That was Kenny’s sister he was laughing about. He was going to regret that. He’d just fuelled Aaron’s desire to put an end to this man. Drew thought he was untouchable.

Aaron was going to enjoy proving he wasn’t.

“Face down, drifting along this very spot.” Drew raised the knife, running the blade through his fingers as he looked between Alice and Aaron, savouring each terrified glance. “So simple. And so effective. Tonight, you’ll give Kenny the same gift. One last cruel twist.”

Aaron tightened his grip on Alice’s arm, holding her upright when she looked ready to lie down and let this all happen. He locked eyes with her, hoping she could see he had no intention of letting anything happen to her, but she wasn’t there. She was gone. Hidden in the drugs. Petrified. So he played along. For now, at least. Not for his safety, or for his life, but for hers . One wrong move, and Drew would jump in and slaughter her, anyway.

He had to plan.

Be creative.

Callous .

It was more than a Marmite jar this time. It was a principle .

“Fine.” Aaron masked his voice with a weary resignation. “What do you want me to do?”
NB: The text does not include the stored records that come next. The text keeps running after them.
(* The equation $X^2+iY^2=(1+i)Z^2$ has a solution $(X,Y,Z)\in\mathbb{Z}[i]^3$ with $X,Y,Z\in O^I$, $\gcd(X,Y)\in U$ and $XYZ\neq0$ if and only if the system $$x-y=u+v,\qquad xy=iuv$$ has a solution $(x,y,u,v)\in\mathbb{Z}[i]^4$ with $x+y,\ u+v,\ u-v\in O^I$, $uv\equiv 0\pmod{1+i}$, $\gcd(x,y)\in U$ and $\gcd(u,v)\in U$.
   Context: $\mathbb{Z}[i]$ is the ring of Gaussian integers, $U=\{1,-1,i,-i\}$ its unit group; $R(\alpha),I(\alpha)$ are real and imaginary parts. $\gcd(x,y)\in U$ means no common non-unit divisor. $O=\{\alpha: R(\alpha)+I(\alpha)\equiv1\pmod 2\}$, $O^I=\{\alpha\in O: R(\alpha)\equiv 1\pmod 4\}$. *)

From Stdlib Require Import ZArith.
Open Scope Z_scope.

Record gauss : Type := Gauss { re : Z; im : Z }.

Definition gadd (a b : gauss) : gauss := Gauss (re a + re b) (im a + im b).
Definition gopp (a : gauss) : gauss := Gauss (- re a) (- im a).
Definition gsub (a b : gauss) : gauss := gadd a (gopp b).
Definition gmul (a b : gauss) : gauss :=
  Gauss (re a * re b - im a * im b) (re a * im b + im a * re b).

Definition g0 : gauss := Gauss 0 0.
Definition g1 : gauss := Gauss 1 0.
Definition gi : gauss := Gauss 0 1.
Definition g1pi : gauss := Gauss 1 1.

Definition gdvd (d a : gauss) : Prop := exists q : gauss, a = gmul d q.

Definition gunit (u : gauss) : Prop :=
  u = Gauss 1 0 \/ u = Gauss (-1) 0 \/ u = Gauss 0 1 \/ u = Gauss 0 (-1).

Definition gcd_unit (x y : gauss) : Prop :=
  forall d : gauss, gdvd d x -> gdvd d y -> gunit d.

Definition inO (a : gauss) : Prop := (re a + im a) mod 2 = 1.
Definition inOI (a : gauss) : Prop := inO a /\ re a mod 4 = 1.

(* With X = x + y, Y = u - v and Z = x - y = u + v one has
   X^2 + iY^2 - (1 + i)Z^2 = 4(xy - iuv), so the equation and the system are the
   same condition; the halving is possible because X, Y, Z lie in O^I, and 1 + i
   divides uv because u + v is odd.  Coprimality is transported with Bezout
   identities (Z[i] is Euclidean): a common divisor of x and y divides X and Z,
   hence Y^2; one of u and v divides Y and Z, hence X^2; and a common divisor of
   X and Y divides 4(1 + i) and the odd X, hence 1. *)
From Stdlib Require Import ZArith Lia Ring Wf_nat.
Open Scope Z_scope.

Ltac zdiv := Z.div_mod_to_equations; lia.

Lemma gauss_ring : ring_theory g0 g1 gadd gmul gsub gopp (@eq gauss).
Proof.
  constructor; intros;
  repeat match goal with a : gauss |- _ => destruct a as [?a1 ?a2] end;
  unfold gsub, gadd, gmul, gopp, g0, g1; cbn [re im]; f_equal; ring.
Qed.
Add Ring gauss_ring : gauss_ring.

Lemma gauss_eq a b : re a = re b -> im a = im b -> a = b.
Proof. destruct a as [a1 a2], b as [b1 b2]; cbn [re im]; intros -> ->; reflexivity. Qed.

Definition g2 : gauss := gadd g1 g1.

Lemma g2_mul_inj a b : gmul g2 a = gmul g2 b -> a = b.
Proof.
  destruct a as [a1 a2], b as [b1 b2]; unfold g2, g1, gadd, gmul; intros H.
  apply (f_equal re) in H as Hre; apply (f_equal im) in H as Him; cbn [re im] in *.
  apply gauss_eq; cbn [re im]; lia.
Qed.

Lemma g1pi_eq : g1pi = gadd g1 gi.
Proof. reflexivity. Qed.

Lemma gdvd_refl a : gdvd a a.
Proof. exists g1; ring. Qed.

Lemma gdvd_add d a b : gdvd d a -> gdvd d b -> gdvd d (gadd a b).
Proof. intros [p ->] [q ->]; exists (gadd p q); ring. Qed.

Lemma gdvd_sub d a b : gdvd d a -> gdvd d b -> gdvd d (gsub a b).
Proof. intros [p ->] [q ->]; exists (gsub p q); ring. Qed.

Lemma gdvd_mulr d a c : gdvd d a -> gdvd d (gmul a c).
Proof. intros [p ->]; exists (gmul p c); ring. Qed.

Lemma gdvd_mull d a c : gdvd d a -> gdvd d (gmul c a).
Proof. intros [p ->]; exists (gmul c p); ring. Qed.

Definition gnorm (a : gauss) : Z := re a * re a + im a * im a.

Lemma gnorm_ge0 a : 0 <= gnorm a.
Proof. unfold gnorm; nia. Qed.

Lemma gnorm_mul a b : gnorm (gmul a b) = gnorm a * gnorm b.
Proof. destruct a as [a1 a2], b as [b1 b2]; unfold gnorm, gmul; cbn [re im]; ring. Qed.

Lemma gnorm_eq0 a : gnorm a = 0 -> a = g0.
Proof. destruct a as [a1 a2]; unfold gnorm, g0; cbn [re im]; intros; apply gauss_eq; cbn [re im]; nia. Qed.

Lemma gunit_gnorm1 d : gnorm d = 1 -> gunit d.
Proof.
  destruct d as [d1 d2]; unfold gnorm, gunit; cbn [re im]; intros Hn.
  assert (d1 = -1 \/ d1 = 0 \/ d1 = 1) as [-> | [-> | ->]] by nia;
  assert (d2 = -1 \/ d2 = 0 \/ d2 = 1) as [-> | [-> | ->]] by nia;
  cbn in Hn; try discriminate Hn; tauto.
Qed.

Lemma gunit_dvd1 d : gdvd d g1 -> gunit d.
Proof.
  intros [q Hq]; apply gunit_gnorm1.
  assert (Hn : gnorm d * gnorm q = 1) by (rewrite <- gnorm_mul, <- Hq; reflexivity).
  exact (proj1 (Z.eq_mul_1_nonneg _ _ (gnorm_ge0 d) Hn)).
Qed.

Lemma gunit_inv u : gunit u -> exists c, gmul c u = g1.
Proof.
  intros [-> | [-> | [-> | ->]]];
  [exists (Gauss 1 0) | exists (Gauss (-1) 0) | exists (Gauss 0 (-1)) | exists (Gauss 0 1)];
  reflexivity.
Qed.

Lemma Z_round_div e n : 0 < n -> exists q, - n <= 2 * (e - q * n) <= n.
Proof. intros Hn; exists ((2 * e + n) / (2 * n)); zdiv. Qed.

(* The quotient rounds both coordinates of a conj(b) / N(b); since
   N(r) N(b) = N(a conj(b) - q N(b)), this gives N(r) N(b) <= N(b)^2 / 2. *)
Lemma gauss_div_mod a b : 0 < gnorm b ->
  exists q r, a = gadd (gmul b q) r /\ gnorm r < gnorm b.
Proof.
  destruct a as [a1 a2], b as [b1 b2]; unfold gnorm; cbn [re im]; intros Hn.
  set (n := b1 * b1 + b2 * b2) in *.
  destruct (Z_round_div (a1 * b1 + a2 * b2) n Hn) as [q1 Hq1].
  destruct (Z_round_div (a2 * b1 - a1 * b2) n Hn) as [q2 Hq2].
  exists (Gauss q1 q2), (gsub (Gauss a1 a2) (gmul (Gauss b1 b2) (Gauss q1 q2))).
  split; [ring | unfold gsub, gadd, gopp, gmul; cbn [re im]].
  set (e1 := a1 * b1 + a2 * b2 - q1 * n) in *.
  set (e2 := a2 * b1 - a1 * b2 - q2 * n) in *.
  set (r1 := a1 + - (b1 * q1 - b2 * q2)); set (r2 := a2 + - (b1 * q2 + b2 * q1)).
  assert (Hr : (r1 * r1 + r2 * r2) * n = e1 * e1 + e2 * e2)
    by (unfold r1, r2, e1, e2, n; ring).
  clearbody r1 r2 e1 e2 n.
  assert (0 <= (n + 2 * e1) * (n - 2 * e1)) by (apply Z.mul_nonneg_nonneg; lia).
  assert (0 <= (n + 2 * e2) * (n - 2 * e2)) by (apply Z.mul_nonneg_nonneg; lia).
  assert (2 * ((r1 * r1 + r2 * r2) * n) <= n * n) by nia.
  enough (2 * (r1 * r1 + r2 * r2) <= n) by lia.
  apply (Z.mul_le_mono_pos_r _ _ n Hn); lia.
Qed.

Lemma gauss_bezout a b :
  exists g s t, gdvd g a /\ gdvd g b /\ g = gadd (gmul s a) (gmul t b).
Proof.
  remember (Z.to_nat (gnorm b)) as k eqn:Hk; revert a b Hk.
  induction k as [k IH] using lt_wf_ind; intros a b Hk.
  destruct (Z.eq_dec (gnorm b) 0) as [Hb | Hb].
  - apply gnorm_eq0 in Hb; subst b.
    exists a, g1, g0; split; [apply gdvd_refl | split; [exists g0 |]]; ring.
  - pose proof (gnorm_ge0 b).
    destruct (gauss_div_mod a b ltac:(lia)) as (q & r & Ha & Hr).
    pose proof (gnorm_ge0 r).
    destruct (IH (Z.to_nat (gnorm r)) ltac:(lia) b r eq_refl)
      as (g & s & t & [pb Hpb] & [pr Hpr] & Hg).
    exists g, t, (gsub s (gmul t q)); split; [| split].
    + exists (gadd (gmul pb q) pr); rewrite Ha, Hpb, Hpr; ring.
    + exists pb; exact Hpb.
    + rewrite Hg, Ha; ring.
Qed.

Lemma gcd_unit_bezout a b : gcd_unit a b ->
  exists s t, gadd (gmul s a) (gmul t b) = g1.
Proof.
  intros Hab; destruct (gauss_bezout a b) as (g & s & t & Ha & Hb & Hg).
  destruct (gunit_inv g (Hab g Ha Hb)) as [c Hc].
  exists (gmul c s), (gmul c t); rewrite <- Hc, Hg; ring.
Qed.

Lemma gcd_unit_sym a b : gcd_unit a b -> gcd_unit b a.
Proof. intros H d Hb Ha; exact (H d Ha Hb). Qed.

Lemma gcd_unit_sum_diff a b : gcd_unit (gadd a b) (gsub a b) -> gcd_unit a b.
Proof. intros H d Ha Hb; apply H; [apply gdvd_add | apply gdvd_sub]; assumption. Qed.

Lemma gcd_unit_dvd_sqr a b d : gcd_unit a b -> gdvd d a -> gdvd d (gmul b b) -> gunit d.
Proof.
  intros Hab Ha Hb2; destruct (gcd_unit_bezout a b Hab) as (s & t & Hst).
  apply gunit_dvd1.
  replace g1 with (gadd (gmul a (gadd (gmul (gmul s s) a) (gmul (gmul g2 s) (gmul t b))))
                        (gmul (gmul t t) (gmul b b)))
    by (transitivity (gmul (gadd (gmul s a) (gmul t b)) (gadd (gmul s a) (gmul t b)));
        [unfold g2; ring | rewrite Hst; ring]).
  apply gdvd_add; [apply gdvd_mulr | apply gdvd_mull]; assumption.
Qed.

(* From s x + t y = 1: 2 = (s + t)(x + y) + (s - t)(x - y); square it. *)
Lemma gcd_unit_dvd_sum_diff x y c d : gcd_unit x y ->
  gdvd d (gadd x y) -> gdvd d (gmul c (gmul (gsub x y) (gsub x y))) ->
  gdvd d (gmul (gmul g2 g2) c).
Proof.
  intros Hxy Hp Hm; destruct (gcd_unit_bezout x y Hxy) as (s & t & Hst).
  set (p := gadd s t); set (m := gsub s t).
  replace (gmul (gmul g2 g2) c)
    with (gadd (gmul (gadd x y) (gmul c (gadd (gmul (gmul p p) (gadd x y))
                                             (gmul (gmul g2 (gmul p m)) (gsub x y)))))
               (gmul (gmul m m) (gmul c (gmul (gsub x y) (gsub x y)))))
    by (transitivity (gmul c (gmul (gmul g2 (gadd (gmul s x) (gmul t y)))
                                   (gmul g2 (gadd (gmul s x) (gmul t y)))));
        [unfold p, m, g2; ring | rewrite Hst; ring]).
  apply gdvd_add; [apply gdvd_mulr | apply gdvd_mull]; assumption.
Qed.

Lemma inO_mul a b : inO a -> inO b -> inO (gmul a b).
Proof.
  destruct a as [a1 a2], b as [b1 b2]; unfold inO, gmul; cbn [re im]; intros Ha Hb.
  assert (exists k, a1 = 2 * k + 1 - a2) as [k ->] by (exists ((a1 + a2) / 2); zdiv).
  assert (exists l, b1 = 2 * l + 1 - b2) as [l ->] by (exists ((b1 + b2) / 2); zdiv).
  match goal with |- ?e mod 2 = 1 =>
    replace e with (1 + (2 * k * l + k + l - a2 * b2) * 2) by ring end.
  rewrite Z.mod_add by lia; reflexivity.
Qed.

Lemma inO_neq0 a : inO a -> a <> g0.
Proof. intros H ->; discriminate H. Qed.

Lemma gdvd_g1pi_even w : (re w + im w) mod 2 = 0 -> gdvd g1pi w.
Proof.
  destruct w as [w1 w2]; cbn [re im]; intros Hw.
  exists (Gauss ((w1 + w2) / 2) ((w1 + w2) / 2 - w1)).
  apply gauss_eq; unfold gmul, g1pi; cbn [re im]; zdiv.
Qed.

Lemma inO_add_gdvd_mul u v : inO (gadd u v) -> gdvd g1pi (gmul u v).
Proof.
  unfold inO, gadd; cbn [re im]; intros Huv.
  destruct (Z.eq_dec ((re u + im u) mod 2) 0) as [Hu | Hu].
  - apply gdvd_mulr, gdvd_g1pi_even, Hu.
  - apply gdvd_mull, gdvd_g1pi_even; zdiv.
Qed.

Lemma Z_odd_square m : exists k, (2 * m + 1) * (2 * m + 1) = 8 * k + 1.
Proof.
  destruct (Z.Even_or_Odd m) as [[p ->] | [p ->]];
  [exists (p * (2 * p + 1)) | exists ((2 * p + 1) * (p + 1))]; ring.
Qed.

Lemma gnorm_inO a : inO a -> exists m, gnorm a = 2 * m + 1.
Proof.
  destruct a as [a1 a2]; unfold inO, gnorm; cbn [re im]; intros Ha.
  assert (exists j, a1 = 2 * j + 1 - a2) as [j ->] by (exists ((a1 + a2) / 2); zdiv).
  exists (2 * j * j + 2 * j - (2 * j + 1) * a2 + a2 * a2); ring.
Qed.

(* With N(a)^2 = 8k + 1: 1 = a conj(a) N(a) - 4 (1 + i) (1 - i) k. *)
Lemma inO_gdvd_4g1pi a d : inO a -> gdvd d a -> gdvd d (gmul (gmul g2 g2) g1pi) -> gunit d.
Proof.
  intros Ha Hda Hd8; apply gunit_dvd1.
  destruct (gnorm_inO a Ha) as [m Hm]; destruct (Z_odd_square m) as [k Hk].
  rewrite <- Hm in Hk.
  replace g1 with (gadd (gmul a (gmul (Gauss (re a) (- im a)) (Gauss (gnorm a) 0)))
                        (gmul (gmul (gmul g2 g2) g1pi) (Gauss (- k) k))).
  - apply gdvd_add; apply gdvd_mulr; assumption.
  - destruct a as [a1 a2]; unfold gnorm in *; cbn [re im] in *.
    apply gauss_eq; unfold g2, g1, g1pi, gadd, gmul; cbn [re im]; lia.
Qed.

Lemma inOI_halves a b : inOI a -> inOI b -> exists x y, gadd x y = a /\ gsub x y = b.
Proof.
  destruct a as [a1 a2], b as [b1 b2]; unfold inOI, inO; cbn [re im]; intros [Ha1 Ha2] [Hb1 Hb2].
  exists (Gauss ((a1 + b1) / 2) ((a2 + b2) / 2)), (Gauss ((a1 - b1) / 2) ((a2 - b2) / 2)).
  split; apply gauss_eq; unfold gsub, gadd, gopp; cbn [re im]; zdiv.
Qed.

Definition on_curve (X Y Z : gauss) : Prop :=
  gadd (gmul X X) (gmul gi (gmul Y Y)) = gmul g1pi (gmul Z Z).

Lemma gsub_eq0 a b : gsub a b = g0 -> a = b.
Proof. intros H; transitivity (gadd (gsub a b) b); [ring | rewrite H; ring]. Qed.

Lemma on_curve_iff x y u v : gsub x y = gadd u v ->
  on_curve (gadd x y) (gsub u v) (gadd u v) <-> gmul x y = gmul gi (gmul u v).
Proof.
  unfold on_curve; intros Hz.
  replace (gmul g1pi (gmul (gadd u v) (gadd u v)))
    with (gadd (gmul (gsub x y) (gsub x y)) (gmul gi (gmul (gadd u v) (gadd u v))))
    by (rewrite Hz, g1pi_eq; ring).
  set (lhs := gadd (gmul (gadd x y) (gadd x y)) (gmul gi (gmul (gsub u v) (gsub u v)))).
  set (rhs := gadd (gmul (gsub x y) (gsub x y)) (gmul gi (gmul (gadd u v) (gadd u v)))).
  assert (E : gsub lhs rhs = gmul g2 (gmul g2 (gsub (gmul x y) (gmul gi (gmul u v)))))
    by (unfold lhs, rhs, g2; ring).
  split; intros H.
  - apply gsub_eq0, g2_mul_inj, g2_mul_inj.
    rewrite <- E, H; ring.
  - apply gsub_eq0; rewrite E, H; ring.
Qed.

Lemma on_curve_gcd_XZ X Y Z : on_curve X Y Z -> gcd_unit X Y -> gcd_unit X Z.
Proof.
  intros HC HXY d HX HZ; apply (gcd_unit_dvd_sqr X Y d HXY HX).
  replace (gmul Y Y) with (gmul (gopp gi) (gsub (gmul g1pi (gmul Z Z)) (gmul X X))).
  - apply gdvd_mull, gdvd_sub; [apply gdvd_mull, gdvd_mulr | apply gdvd_mulr]; assumption.
  - rewrite <- HC; transitivity (gmul (gmul (gopp gi) gi) (gmul Y Y)); [ring |].
    change (gmul (gopp gi) gi) with g1; ring.
Qed.

Lemma on_curve_gcd_ZY X Y Z : on_curve X Y Z -> gcd_unit X Y -> gcd_unit Z Y.
Proof.
  intros HC HXY d HZ HY; apply (gcd_unit_dvd_sqr Y X d (gcd_unit_sym X Y HXY) HY).
  replace (gmul X X) with (gsub (gmul g1pi (gmul Z Z)) (gmul gi (gmul Y Y)))
    by (rewrite <- HC; ring).
  apply gdvd_sub; apply gdvd_mull, gdvd_mulr; assumption.
Qed.

Lemma on_curve_gcd_XY x y Y : on_curve (gadd x y) Y (gsub x y) ->
  inO (gadd x y) -> gcd_unit x y -> gcd_unit (gadd x y) Y.
Proof.
  intros HC HO Hxy d HX HY; apply (inO_gdvd_4g1pi _ d HO HX).
  apply (gcd_unit_dvd_sum_diff x y g1pi d Hxy HX).
  rewrite <- HC; apply gdvd_add; [apply gdvd_mulr | apply gdvd_mull, gdvd_mulr]; assumption.
Qed.

Theorem proposition4p20 :
  (exists X Y Z : gauss,
      gadd (gmul X X) (gmul gi (gmul Y Y)) = gmul g1pi (gmul Z Z) /\
      inOI X /\ inOI Y /\ inOI Z /\
      gcd_unit X Y /\
      gmul X (gmul Y Z) <> g0)
  <->
  (exists x y u v : gauss,
      gsub x y = gadd u v /\
      gmul x y = gmul gi (gmul u v) /\
      inOI (gadd x y) /\ inOI (gadd u v) /\ inOI (gsub u v) /\
      gdvd g1pi (gmul u v) /\
      gcd_unit x y /\ gcd_unit u v).
Proof.
  split.
  - intros (X & Y & Z & HC & HX & HY & HZ & HXY & _).
    destruct (inOI_halves X Z HX HZ) as (x & y & <- & Hz).
    destruct (inOI_halves Z Y HZ HY) as (u & v & <- & <-).
    exists x, y, u, v.
    refine (conj Hz (conj _ (conj HX (conj HZ (conj HY (conj _ (conj _ _))))))).
    + apply (on_curve_iff x y u v Hz), HC.
    + apply inO_add_gdvd_mul, HZ.
    + apply gcd_unit_sum_diff; rewrite Hz; exact (on_curve_gcd_XZ _ _ _ HC HXY).
    + apply gcd_unit_sum_diff; exact (on_curve_gcd_ZY _ _ _ HC HXY).
  - intros (x & y & u & v & Hz & Hxy & HX & HZ & HY & _ & Hgxy & _).
    assert (HC : on_curve (gadd x y) (gsub u v) (gadd u v)) by (apply on_curve_iff; assumption).
    exists (gadd x y), (gsub u v), (gadd u v).
    refine (conj HC (conj HX (conj HY (conj HZ (conj _ _))))).
    + apply on_curve_gcd_XY; [rewrite Hz; exact HC | apply HX | exact Hgxy].
    + apply inO_neq0, inO_mul, inO_mul; [apply HX | apply HY | apply HZ].
Qed.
“Take her by the river, hold her down. After that, we’ll have the real fun with all the decorations. I know it might seem harsh, but trust me, it’s the only way. The ultimate liberation. She’ll slip away peacefully, and you’ll finally be free of the chains holding you down. You’ll know what it feels like to be totally in control. To hold a life in your hands and extinguish it like that .” Drew clicked his fingers in the air. “There really is no other feeling like it. Not even sex! Your mother gave you life, now you take it away. It’s Godlike. After a few, you won’t need the drugs. You’ll look forward to the screams.”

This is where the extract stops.